Work item →
Copy all lines in the data that contain the string "addrACA".

Exercise input →

(* Let $(\mathfrak{g},\omega)$ be a $2n$-dimensional real irreducible symplectic Lie algebra. For $\alpha\in\mathfrak{g}^*$ let $\omega_\alpha=\omega+d\alpha$. If $\omega_\alpha$ is non-degenerate, then $(\mathfrak{g},\omega_\alpha)$ is a $2n$-dimensional irreducible symplectic Lie algebra.
   Context: A symplectic Lie algebra is a real Lie algebra with a non-degenerate 2-form $\omega$ satisfying $\omega([x,y],z)+\omega([y,z],x)+\omega([z,x],y)=0$; it is irreducible if it has no nonzero ideal $\mathfrak{j}$ with $\omega(\mathfrak{j},\mathfrak{j})=0$. $d\alpha(x,y)=-\alpha([x,y])$. *)

(* A real Lie algebra of dimension m is modelled on the
   real vector space 'rV[R]_m (R : realType), with the bracket as a function. *)
From HB Require Import structures.
From mathcomp Require Import all_boot all_order all_algebra.
From mathcomp Require Import reals.
Set Implicit Arguments. Unset Strict Implicit. Unset Printing Implicit Defensive.
Import Order.TTheory GRing.Theory Num.Theory.
Local Open Scope ring_scope.

Section Defs.
Variables (R : realType) (m : nat).
Local Notation V := 'rV[R]_m.

Definition is_lie_bracket (br : V -> V -> V) : Prop :=
  [/\ (forall (a : R) (x y z : V), br (a *: x + y) z = a *: br x z + br y z),
      (forall (a : R) (x y z : V), br x (a *: y + z) = a *: br x y + br x z),
      (forall x : V, br x x = 0) &
      (forall x y z : V, br x (br y z) + br y (br z x) + br z (br x y) = 0)].

Definition is_linear_form (alpha : V -> R) : Prop :=
  forall (a : R) (x y : V), alpha (a *: x + y) = a * alpha x + alpha y.

Definition is_two_form (w : V -> V -> R) : Prop :=
  [/\ (forall (a : R) (x y z : V), w (a *: x + y) z = a * w x z + w y z),
      (forall (a : R) (x y z : V), w x (a *: y + z) = a * w x y + w x z) &
      (forall x : V, w x x = 0)].

Definition nondegenerate_form (w : V -> V -> R) : Prop :=
  forall x : V, (forall y : V, w x y = 0) -> x = 0.

Definition is_closed_form (br : V -> V -> V) (w : V -> V -> R) : Prop :=
  forall x y z : V, w (br x y) z + w (br y z) x + w (br z x) y = 0.

Definition symplectic_lie (br : V -> V -> V) (w : V -> V -> R) : Prop :=
  [/\ is_lie_bracket br, is_two_form w, nondegenerate_form w & is_closed_form br w].

Definition is_ideal (br : V -> V -> V) (J : V -> Prop) : Prop :=
  [/\ J 0,
      (forall (a : R) (x y : V), J x -> J y -> J (a *: x + y)) &
      (forall x y : V, J y -> J (br x y))].

Definition irreducible_symplectic_lie (br : V -> V -> V) (w : V -> V -> R) : Prop :=
  symplectic_lie br w /\
  ~ (exists J : V -> Prop,
       [/\ is_ideal br J, (exists x, J x /\ x <> 0) &
           (forall x y, J x -> J y -> w x y = 0)]).

Definition dform (br : V -> V -> V) (alpha : V -> R) : V -> V -> R :=
  fun x y => - alpha (br x y).

Definition omega_shift (br : V -> V -> V) (w : V -> V -> R) (alpha : V -> R)
  : V -> V -> R := fun x y => w x y + dform br alpha x y.

End Defs.

(** If an ideal [J] is isotropic for the closed non-degenerate form [w],
    then the cocycle identity [w([x,y],z) = - w([y,z],x) - w([z,x],y)] and
    the fact that [[y,z]] and [[z,x]] lie in [J] give [w([x,y], _) = 0],
    so [J] is abelian.
    The exact form [d alpha] is closed by the Jacobi identity and vanishes on an
    abelian ideal, so an ideal isotropic for [w + d alpha] is isotropic for [w];
    irreducibility of [w] thus transfers to [w + d alpha]. *)
From mathcomp Require Import all_boot all_order all_algebra.
From mathcomp Require Import reals.
Set Implicit Arguments. Unset Strict Implicit. Unset Printing Implicit Defensive.
Import GRing.Theory.
Local Open Scope ring_scope.

Section SymplecticShift.
Variables (R : realType) (m : nat).
Local Notation V := 'rV[R]_m.

Definition isotropic (w : V -> V -> R) (J : V -> Prop) : Prop :=
  forall x y, J x -> J y -> w x y = 0.

Section LinearForm.
Variable alpha : V -> R.
Hypothesis alpha_lin : is_linear_form alpha.

Lemma linear_formD x y : alpha (x + y) = alpha x + alpha y.
Proof. by have := alpha_lin 1 x y; rewrite scale1r mul1r. Qed.

Lemma linear_form0 : alpha 0 = 0.
Proof. by apply: (@addrI _ (alpha 0)); rewrite -linear_formD !addr0. Qed.

End LinearForm.

Section LieBracket.
Variable br : V -> V -> V.
Hypothesis br_lie : is_lie_bracket br.

Lemma bracketDl x y z : br (x + y) z = br x z + br y z.
Proof. by case: br_lie => brl _ _ _; have := brl 1 x y z; rewrite !scale1r. Qed.

Lemma bracketDr x y z : br x (y + z) = br x y + br x z.
Proof. by case: br_lie => _ brr _ _; have := brr 1 x y z; rewrite !scale1r. Qed.

Lemma bracket_anticomm x y : br y x = - br x y.
Proof.
case: br_lie => _ _ brxx _.
have := brxx (x + y); rewrite bracketDl !bracketDr !brxx add0r addr0.
by move/eqP; rewrite addr_eq0 => /eqP ->; rewrite opprK.
Qed.

Lemma jacobi_left x y z : br (br x y) z + br (br y z) x + br (br z x) y = 0.
Proof.
case: br_lie => _ _ _ jacobi.
rewrite (bracket_anticomm z) (bracket_anticomm x (br y z)).
rewrite (bracket_anticomm y (br z x)).
by rewrite -!opprD (addrC (br z _)) -addrA (addrC (br z _)) addrA jacobi oppr0.
Qed.

Lemma ideal_bracket_l J x y : is_ideal br J -> J x -> J (br x y).
Proof.
move=> [J0 Jlin Jbr] Jx; rewrite bracket_anticomm -scaleN1r -[_ *: _]addr0.
exact: Jlin (Jbr _ _ Jx) J0.
Qed.

Section ExactForm.
Variable alpha : V -> R.
Hypothesis alpha_lin : is_linear_form alpha.

Lemma dform_two_form : is_two_form (dform br alpha).
Proof.
case: br_lie => brl brr brxx _; split=> [a x y z | a x y z | x].
- by rewrite /dform brl alpha_lin opprD mulrN.
- by rewrite /dform brr alpha_lin opprD mulrN.
- by rewrite /dform brxx (linear_form0 alpha_lin) oppr0.
Qed.

Lemma dform_closed : is_closed_form br (dform br alpha).
Proof.
move=> x y z; rewrite /dform -!opprD -!(linear_formD alpha_lin).
by rewrite jacobi_left (linear_form0 alpha_lin) oppr0.
Qed.

Lemma dform_commuting x y : br x y = 0 -> dform br alpha x y = 0.
Proof. by move=> brxy; rewrite /dform brxy (linear_form0 alpha_lin) oppr0. Qed.

End ExactForm.

Lemma isotropic_ideal_abelian (w : V -> V -> R) (J : V -> Prop) x y :
  is_closed_form br w -> nondegenerate_form w -> is_ideal br J ->
  isotropic w J -> J x -> J y -> br x y = 0.
Proof.
move=> wcl wnd Jideal Jiso Jx Jy; apply: wnd => z.
have Jyz : J (br y z) by exact: ideal_bracket_l.
have Jzx : J (br z x) by case: Jideal => _ _; apply.
by have := wcl x y z; rewrite (Jiso _ _ Jyz Jx) (Jiso _ _ Jzx Jy) !addr0.
Qed.

End LieBracket.

Lemma two_formD (w1 w2 : V -> V -> R) :
  is_two_form w1 -> is_two_form w2 -> is_two_form (fun x y => w1 x y + w2 x y).
Proof.
case=> w1l w1r w1xx [w2l w2r w2xx]; split=> [a x y z | a x y z | x].
- by rewrite w1l w2l mulrDr addrACA.
- by rewrite w1r w2r mulrDr addrACA.
- by rewrite w1xx w2xx addr0.
Qed.

Lemma closed_formD (br : V -> V -> V) (w1 w2 : V -> V -> R) :
  is_closed_form br w1 -> is_closed_form br w2 ->
  is_closed_form br (fun x y => w1 x y + w2 x y).
Proof.
move=> w1_closed w2_closed x y z.
by rewrite [X in X + _]addrACA [X in X = 0]addrACA w1_closed w2_closed addr0.
Qed.

Lemma omega_shift_symplectic
    (br : V -> V -> V) (w : V -> V -> R) (alpha : V -> R) :
  symplectic_lie br w -> is_linear_form alpha ->
  nondegenerate_form (omega_shift br w alpha) ->
  symplectic_lie br (omega_shift br w alpha).
Proof.
move=> [br_lie w_two_form _ w_closed] alpha_lin shift_nd; split=> //.
- exact: two_formD w_two_form (dform_two_form br_lie alpha_lin).
- exact: closed_formD w_closed (dform_closed br_lie alpha_lin).
Qed.

Lemma omega_shift_isotropic_ideal
    (br : V -> V -> V) (w : V -> V -> R) (alpha : V -> R) (J : V -> Prop) :
  symplectic_lie br (omega_shift br w alpha) -> is_linear_form alpha ->
  is_ideal br J -> isotropic (omega_shift br w alpha) J -> isotropic w J.
Proof.
move=> [br_lie _ shift_nd shift_cl] alpha_lin Jideal Jiso x y Jx Jy.
have brxy := isotropic_ideal_abelian br_lie shift_cl shift_nd Jideal Jiso Jx Jy.
by rewrite -(Jiso x y Jx Jy) /omega_shift dform_commuting ?addr0.
Qed.

End SymplecticShift.

Theorem lemma2p6 (R : realType) (n : nat)
  (br : 'rV[R]_(2 * n) -> 'rV[R]_(2 * n) -> 'rV[R]_(2 * n))
  (w : 'rV[R]_(2 * n) -> 'rV[R]_(2 * n) -> R)
  (alpha : 'rV[R]_(2 * n) -> R) :
  irreducible_symplectic_lie br w ->
  is_linear_form alpha ->
  nondegenerate_form (omega_shift br w alpha) ->
  irreducible_symplectic_lie br (omega_shift br w alpha).
Proof.
move=> [w_sympl w_irr] alpha_lin shift_nd.
have shift_sympl := omega_shift_symplectic w_sympl alpha_lin shift_nd.
split=> // -[J [Jideal Jnz Jiso]]; apply: w_irr; exists J; split=> //.
exact: omega_shift_isotropic_ideal shift_sympl alpha_lin Jideal Jiso.
Qed.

Written response →
- by rewrite w1l w2l mulrDr addrACA.
- by rewrite w1r w2r mulrDr addrACA.
by rewrite [X in X + _]addrACA [X in X = 0]addrACA w1_closed w2_closed addr0.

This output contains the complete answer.